By: Michael Forino Chair: Arwen Mohun

ABSTRACT

Why do prisoners work in America? Prison labor in the United States has developed, survived, and thrived because reformers, politicians, and prison administrators have used it as a principal tool for institutional financial sustainability, reform, and prisoner control The concept of imprisonment and, by extension, prison labor, emerged in the late eighteenth and early nineteenth centuries. Political and community leaders introduced it to manage the unpredictability of nascent industrialization and urbanization. Initially, prison labor was a means to curb the escalating costs of incarceration, but it soon intertwined with religious and social beliefs about productivity and industriousness. By the last quarter of the nineteenth century, private contractors began to exploit this fervor that made prison labor socially acceptable, and prison labor became big business, driven by capital greed more than reform goals. Progressive prison reformers equated this practice to slavery and strived to make prison labor the standard by which one’s reform progress was assessed, making prison labor the tool of penal reform in the United States.
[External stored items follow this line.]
(* Let $n$ be a nonnegative integer and let \[ T_n(a,b,c)=(1+a-c)_n(c)_n\,{}_4F_3\!\left(\left.{-n,\frac{a}{2},\frac{a+1}{2},b \atop a,1+a-c,c}\right|4\right). \] Define \[ U_n(x,y,z)=T_n\!\left(x-y-z,\ \frac{1+3x-y-z-2n}{2},\ \frac{1+x+y-3z}{2}\right). \] Then $U_n$ is a symmetric function of $x,y,z$, i.e. it is invariant under all six permutations of $x,y,z$: \[ U_n(x,y,z)=U_n(x,z,y)=U_n(y,x,z)=U_n(y,z,x)=U_n(z,x,y)=U_n(z,y,x). \] Moreover, these six invariances $U_n(x,y,z)=U_n(x,y,z)$, $U_n(x,y,z)=U_n(x,z,y)$, $U_n(x,y,z)=U_n(y,x,z)$, $U_n(x,y,z)=U_n(y,z,x)$, $U_n(x,y,z)=U_n(z,x,y)$, $U_n(x,y,z)=U_n(z,y,x)$ correspond, respectively, to the following six invariances of $T_n$: \begin{align*} &T_n(a,b,c)=T_n(a,b,c),\\ &T_n(a,b,c)=T_n(a,b,1+a-c),\\ &T_n(a,b,c)=T_n(c-b-n,c-a-n,c),\\ &T_n(a,b,c)=T_n(c-b-n,c-a-n,1-b-n),\\ &T_n(a,b,c)=T_n(1+a-b-c-n,1-c-n,1+a-c),\\ &T_n(a,b,c)=T_n(1+a-b-c-n,1-c-n,1-b-n). \end{align*}
   Context: Here $(a)_n=a(a+1)\cdots(a+n-1)$ for $n>0$ and $(a)_0=1$ is the rising factorial, and ${}_{p}F_q\!\left(\left.{a_1,\ldots,a_p \atop b_1,\ldots,b_q}\right|z\right)=\sum_{k\ge 0}\frac{(a_1)_k\cdots(a_p)_k}{k!(b_1)_k\cdots(b_q)_k}z^k$ is the generalized hypergeometric series; the ${}_4F_3(4)$ series above terminates since one numerator parameter is $-n$. Denominator parameters are assumed not to be nonpositive integers. The six invariances of $T_n$ listed form a group isomorphic to $S_3$, generated by the trivial invariance $T_n(a,b,c)=T_n(a,b,1+a-c)$ and the nontrivial one $T_n(a,b,c)=T_n(c-b-n,c-a-n,c)$. *)

(* Parameters live in an arbitrary numFieldType R
   (characteristic-0 field: covers the reals and the complex numbers). *)
From HB Require Import structures.
From mathcomp Require Import all_boot all_order all_algebra.
Set Implicit Arguments. Unset Strict Implicit. Unset Printing Implicit Defensive.
Import Order.TTheory GRing.Theory Num.Theory.
Local Open Scope ring_scope.

Definition poch (R : numFieldType) (a : R) (k : nat) : R :=
  \prod_(i < k) (a + i%:R).

Definition hyp_term (R : numFieldType) (as_ bs : seq R) (z : R) (k : nat) : R :=
  (\prod_(a <- as_) poch a k) / (k`!%:R * \prod_(b <- bs) poch b k) * z ^+ k.

(* terminating pFq with a numerator parameter -n: all terms with k > n
   vanish (since (-n)_k = 0), so the series is the finite sum over k <= n *)
Definition hypF_term (R : numFieldType) (n : nat) (as_ bs : seq R) (z : R) : R :=
  \sum_(k < n.+1) hyp_term as_ bs z k.

Definition T (R : numFieldType) (n : nat) (a b c : R) : R :=
  poch (1 + a - c) n * poch c n *
  hypF_term n [:: - n%:R; a / 2; (a + 1) / 2; b] [:: a; 1 + a - c; c] 4.

Definition Uparams (R : numFieldType) (n : nat) (x y z : R) : R * R * R :=
  (x - y - z, (1 + 3 * x - y - z - 2 * n%:R) / 2, (1 + x + y - 3 * z) / 2).

Definition Tt (R : numFieldType) (n : nat) (p : R * R * R) : R :=
  T n p.1.1 p.1.2 p.2.

Definition U (R : numFieldType) (n : nat) (x y z : R) : R :=
  Tt n (Uparams n x y z).

Definition not_npint (R : numFieldType) (r : R) : Prop :=
  forall m : nat, r <> - m%:R.

Definition T_admissible (R : numFieldType) (p : R * R * R) : Prop :=
  let: (a, b, c) := p in
  [/\ not_npint a, not_npint (1 + a - c) & not_npint c].

Definition U_admissible (R : numFieldType) (n : nat) (x y z : R) : Prop :=
  T_admissible (Uparams n x y z).

Definition phi1 (R : numFieldType) (n : nat) (p : R * R * R) : R * R * R :=
  let: (a, b, c) := p in (a, b, c).
Definition phi2 (R : numFieldType) (n : nat) (p : R * R * R) : R * R * R :=
  let: (a, b, c) := p in (a, b, 1 + a - c).
Definition phi3 (R : numFieldType) (n : nat) (p : R * R * R) : R * R * R :=
  let: (a, b, c) := p in (c - b - n%:R, c - a - n%:R, c).
Definition phi4 (R : numFieldType) (n : nat) (p : R * R * R) : R * R * R :=
  let: (a, b, c) := p in (c - b - n%:R, c - a - n%:R, 1 - b - n%:R).
Definition phi5 (R : numFieldType) (n : nat) (p : R * R * R) : R * R * R :=
  let: (a, b, c) := p in (1 + a - b - c - n%:R, 1 - c - n%:R, 1 + a - c).
Definition phi6 (R : numFieldType) (n : nat) (p : R * R * R) : R * R * R :=
  let: (a, b, c) := p in (1 + a - b - c - n%:R, 1 - c - n%:R, 1 - b - n%:R).

From HB Require Import structures.
From mathcomp Require Import all_boot all_order all_algebra.
From mathcomp Require Import ring zify.
Set Implicit Arguments. Unset Strict Implicit. Unset Printing Implicit Defensive.
Import Order.TTheory GRing.Theory Num.Theory.
Local Open Scope ring_scope.

(* Put d = 1 + a - c and e = 1 - b - n.  Gauss duplication for (a/2)_k ((a+1)/2)_k 4^k,
   reflection for (-n)_k and (b)_k, and Chu-Vandermonde for (a+k)_k = (c+d-1+k)_k turn
   T_n(a,b,c) into n! [t^n] E_c(t) E_d(t) E_e(t), where E_x(t) = sum_(i<=n) (x+i)_(n-i) t^i / i!.
   This is symmetric in (c,d,e).  For (a,b,c) = Uparams n x y z one finds
   (c,d,e) = (w(x,y,z), w(x,z,y), w(y,z,x)) with w(p,q,r) = (1+p+q-3r)/2 symmetric in p, q,
   so permuting x, y, z permutes c, d, e. *)

Section Pochhammer.
Variable R : numFieldType.
Implicit Types x y : R.

Lemma fact_neq0 m : m`!%:R != 0 :> R.
Proof. by rewrite pnatr_eq0 -lt0n fact_gt0. Qed.

Lemma poch0 x : poch x 0 = 1.
Proof. by rewrite /poch big_ord0. Qed.

Lemma pochS x k : poch x k.+1 = poch x k * (x + k%:R).
Proof. by rewrite /poch big_ord_recr. Qed.

Lemma pochSr x k : poch x k.+1 = x * poch (x + 1) k.
Proof.
rewrite /poch big_ord_recl addr0; congr (_ * _).
by apply: eq_bigr => i _; rewrite lift0 -addn1 natrD addrAC addrA.
Qed.

Lemma pochD x k m : poch x (k + m) = poch x k * poch (x + k%:R) m.
Proof.
rewrite /poch big_split_ord /=; congr (_ * _).
by apply: eq_bigr => i _; rewrite natrD addrA.
Qed.

Lemma poch_neq0 x k : not_npint x -> poch x k != 0.
Proof.
move=> hx; apply/prodf_neq0 => i _; apply/eqP => e.
by apply: (hx i); rewrite -[x](addrK i%:R) e add0r.
Qed.

Lemma poch_reflect x k : poch x k = (-1) ^+ k * poch (1 - x - k%:R) k.
Proof.
elim: k => [|k IH]; first by rewrite !poch0 mulr1.
rewrite pochS IH pochSr exprS -addn1 natrD.
have -> : 1 - x - (k%:R + 1) + 1 = 1 - x - k%:R by ring.
ring.
Qed.

Lemma poch_oppn n k : poch (- n%:R : R) k = (-1) ^+ k * (n ^_ k)%:R.
Proof.
elim: k => [|k IH]; first by rewrite poch0 expr0 mul1r.
rewrite pochS IH ffactnSr natrM exprS.
have [kn | nk] := leqP k n; first by rewrite natrB //; ring.
by rewrite ffact_small // !(mulr0, mul0r).
Qed.

Lemma poch_duplication x k :
  poch (x / 2) k * poch ((x + 1) / 2) k * 4 ^+ k = poch x (k + k).
Proof.
elim: k => [|k IH]; first by rewrite !poch0 expr0 !mul1r.
rewrite addSn addnS !pochS -IH exprS !natrD.
have two_neq0 : (2 : R) != 0 by rewrite pnatr_eq0.
by field.
Qed.

Lemma poch_vandermonde x y k :
  poch (x + y) k = \sum_(i < k.+1) 'C(k, i)%:R * poch x i * poch y (k - i).
Proof.
elim: k => [|k IH].
  by rewrite big_ord_recl big_ord0 !poch0 bin0 mul1r mulr1 addr0.
have split_factor : \sum_(i < k.+1) 'C(k, i)%:R * poch x i * poch y (k - i) * (x + y + k%:R)
   = \sum_(i < k.+1) 'C(k, i)%:R * poch x i.+1 * poch y (k - i)
   + \sum_(i < k.+1) 'C(k, i)%:R * poch x i * poch y (k - i).+1.
  rewrite -big_split /=; apply: eq_bigr => i _.
  have hi : (i <= k)%N by rewrite -ltnS.
  rewrite !pochS natrB //; ring.
rewrite pochS IH mulr_suml split_factor [RHS]big_ord_recl /= bin0 subn0.
under [in RHS]eq_bigr => i _ do rewrite binS natrD subSS mulrDl mulrDl.
rewrite big_split /= [LHS]addrC addrA; congr (_ + _).
rewrite [LHS]big_ord_recl bin0 subn0 /=; congr (_ + _).
rewrite [RHS]big_ord_recr /= bin_small // mul0r mul0r addr0.
by apply: eq_bigr => i _; rewrite subnSK.
Qed.

Lemma poch_vandermonde_rev x y k :
  poch (x + y - 1 + k%:R) k =
  \sum_(i < k.+1) 'C(k, i)%:R * poch (x + i%:R) (k - i) * poch (y + (k - i)%:R) i.
Proof.
rewrite poch_reflect.
have -> : 1 - (x + y - 1 + k%:R) - k%:R = (1 - y - k%:R) + (1 - x - k%:R) by ring.
rewrite poch_vandermonde mulr_sumr; apply: eq_bigr => i _.
have hi : (i <= k)%N by rewrite -ltnS.
rewrite [poch (x + i%:R) _]poch_reflect [poch (y + _) i]poch_reflect.
have -> : 1 - (x + i%:R) - (k - i)%:R = 1 - x - k%:R by rewrite natrB //; ring.
have -> : 1 - (y + (k - i)%:R) - i%:R = 1 - y - k%:R by rewrite natrB //; ring.
have -> : (-1) ^+ k = (-1) ^+ (k - i) * (-1) ^+ i :> R by rewrite -exprD subnK.
ring.
Qed.

End Pochhammer.

Section SymmetricForm.
Variable R : numFieldType.

Lemma T_term_numer n k (a b : R) : (k <= n)%N ->
  \prod_(x <- [:: - n%:R; a / 2; (a + 1) / 2; b]) poch x k * 4 ^+ k =
  'C(n, k)%:R * k`!%:R * poch (1 - b - n%:R + (n - k)%:R) k * poch a (k + k).
Proof.
move=> hk; rewrite !big_cons big_nil mulr1 poch_oppn -bin_ffact natrM -poch_duplication.
have -> : 1 - b - n%:R + (n - k)%:R = 1 - b - k%:R by rewrite natrB //; ring.
rewrite [poch (1 - b - _) k]poch_reflect.
have -> : 1 - (1 - b - k%:R) - k%:R = b by ring.
ring.
Qed.

Definition Tsum n (c d e : R) : R :=
  \sum_(k < n.+1) 'C(n, k)%:R * poch (c + d - 1 + k%:R) k * poch (e + (n - k)%:R) k
     * poch (d + k%:R) (n - k) * poch (c + k%:R) (n - k).

Lemma T_Tsum n (a b c : R) :
  not_npint a -> not_npint (1 + a - c) -> not_npint c ->
  T n a b c = Tsum n c (1 + a - c) (1 - b - n%:R).
Proof.
move=> ha hd hc; rewrite /T /hypF_term /Tsum mulr_sumr; apply: eq_bigr => k _.
have hk : (k <= n)%N by rewrite -ltnS.
rewrite /hyp_term [_ / _ * _]mulrAC T_term_numer // !big_cons big_nil mulr1.
have -> : c + (1 + a - c) - 1 + k%:R = a + k%:R by ring.
have split_n x : poch x n = poch x k * poch (x + k%:R) (n - k).
  by rewrite -pochD subnKC.
rewrite !split_n pochD.
by field; rewrite fact_neq0 !poch_neq0.
Qed.

Lemma natr_bin n k : (k <= n)%N ->
  'C(n, k)%:R = n`!%:R / (k`!%:R * (n - k)`!%:R) :> R.
Proof.
move=> hkn; rewrite -(bin_fact hkn) !natrM.
by field; rewrite !fact_neq0.
Qed.

Definition egf n (f : nat -> R) : {poly R} := \poly_(i < n.+1) (f i / i`!%:R).

Lemma coef_egfM3 n (f g h : nat -> R) :
  (egf n f * egf n g * egf n h)`_n =
  \sum_(k < n.+1) \sum_(i < k.+1)
    f i / i`!%:R * (g (k - i)%N / (k - i)`!%:R) * (h (n - k)%N / (n - k)`!%:R).
Proof.
rewrite coefM; apply: eq_bigr => k _; rewrite coefM mulr_suml.
apply: eq_bigr => i _; have := ltn_ord k; have := ltn_ord i.
by rewrite !coef_poly => ? ?; rewrite !ifT //; lia.
Qed.

Definition tail_poch n (x : R) (i : nat) : R := poch (x + i%:R) (n - i).

Definition Tsym n (c d e : R) : R :=
  n`!%:R * (egf n (tail_poch n c) * egf n (tail_poch n d) * egf n (tail_poch n e))`_n.

Lemma Tsym_swap12 n (c d e : R) : Tsym n c d e = Tsym n d c e.
Proof. by rewrite /Tsym (mulrC (egf n _)). Qed.

Lemma Tsym_swap23 n (c d e : R) : Tsym n c d e = Tsym n c e d.
Proof. by rewrite /Tsym mulrAC. Qed.

Lemma Tsum_Tsym n (c d e : R) : Tsum n c d e = Tsym n c d e.
Proof.
rewrite /Tsym coef_egfM3 mulr_sumr; apply: eq_bigr => k _.
rewrite poch_vandermonde_rev !mulr_sumr !mulr_suml; apply: eq_bigr => i _.
have hkn : (k <= n)%N by rewrite -ltnS.
have hik : (i <= k)%N by rewrite -ltnS.
rewrite /tail_poch.
have -> : (n - i = (k - i) + (n - k))%N by lia.
have -> : (n - (k - i) = i + (n - k))%N by lia.
have -> : (n - (n - k) = k)%N by lia.
rewrite !pochD -!addrA -!natrD subnKC // subnK // !natr_bin //.
by field; rewrite !fact_neq0.
Qed.

End SymmetricForm.

Definition Tsym_arg (R : numFieldType) (p q r : R) : R := (1 + p + q - 3 * r) / 2.

Lemma Tsym_argC (R : numFieldType) (p q r : R) : Tsym_arg p q r = Tsym_arg q p r.
Proof. by rewrite /Tsym_arg [1 + p + _]addrAC. Qed.

Lemma U_Tsym (R : numFieldType) n (x y z : R) : U_admissible n x y z ->
  U n x y z = Tsym n (Tsym_arg x y z) (Tsym_arg x z y) (Tsym_arg y z x).
Proof.
rewrite /U_admissible /U /Tt /Uparams /= => -[ha hd hc].
rewrite T_Tsum // Tsum_Tsym.
have two_neq0 : (2 : R) != 0 by rewrite pnatr_eq0.
by congr Tsym; rewrite /Tsym_arg; field.
Qed.

Theorem theorem3p2 (R : numFieldType) (n : nat) (x y z : R) :
  (* symmetry of U_n, wherever all the 4F3's involved are defined *)
  (U_admissible n x y z -> U_admissible n x z y -> U_admissible n y x z ->
   U_admissible n y z x -> U_admissible n z x y -> U_admissible n z y x ->
   [/\ U n x y z = U n x z y, U n x y z = U n y x z, U n x y z = U n y z x,
       U n x y z = U n z x y & U n x y z = U n z y x]) /\
  (* correspondence: with (a,b,c) = Uparams n x y z, i.e. U n x y z = T_n(a,b,c),
     the permuted value U_n(sigma(x,y,z)) is T_n at the transformed parameters *)
  (let p := Uparams n x y z in
   [/\ U n x y z = Tt n (phi1 n p), U n x z y = Tt n (phi2 n p),
       U n y x z = Tt n (phi3 n p) & U n y z x = Tt n (phi4 n p)] /\
   (U n z x y = Tt n (phi5 n p) /\ U n z y x = Tt n (phi6 n p))).
Proof.
split.
  move=> ? ? ? ? ? ?; rewrite !U_Tsym //.
  rewrite [Tsym_arg z y x]Tsym_argC [Tsym_arg y x z]Tsym_argC [Tsym_arg z x y]Tsym_argC.
  split.
  - exact: Tsym_swap12.
  - exact: Tsym_swap23.
  - by rewrite Tsym_swap23 Tsym_swap12.
  - by rewrite Tsym_swap12 Tsym_swap23.
  - by rewrite Tsym_swap12 Tsym_swap23 Tsym_swap12.
have two_neq0 : (2 : R) != 0 by rewrite pnatr_eq0.
by rewrite /U /Tt /Uparams /=; split; [split|split]; congr T; field.
Qed.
The attacks against for-profit prison labor came to a head in the New Deal Era. While most private contractors were expelled from the prison system, in the minds of reformers, politicians, and prison administrators, prison labor remained foundational to imprisonment and needed preservation. Alternative systems of prison labor, including state-use production and work release, were developed in this era to keep American prisoners working. These alternative systems had limitations, especially in their ability to offset the cost of incarceration. The failure to find financially suitable alternatives and the state and federal government’s refusal to outlaw prison labor ultimately led to a resurgence of for-profit prison labor in the United States. Despite drastic changes in standards of reform, control, and capital, prison labor remains a foundational feature of the prison system and the prison experience.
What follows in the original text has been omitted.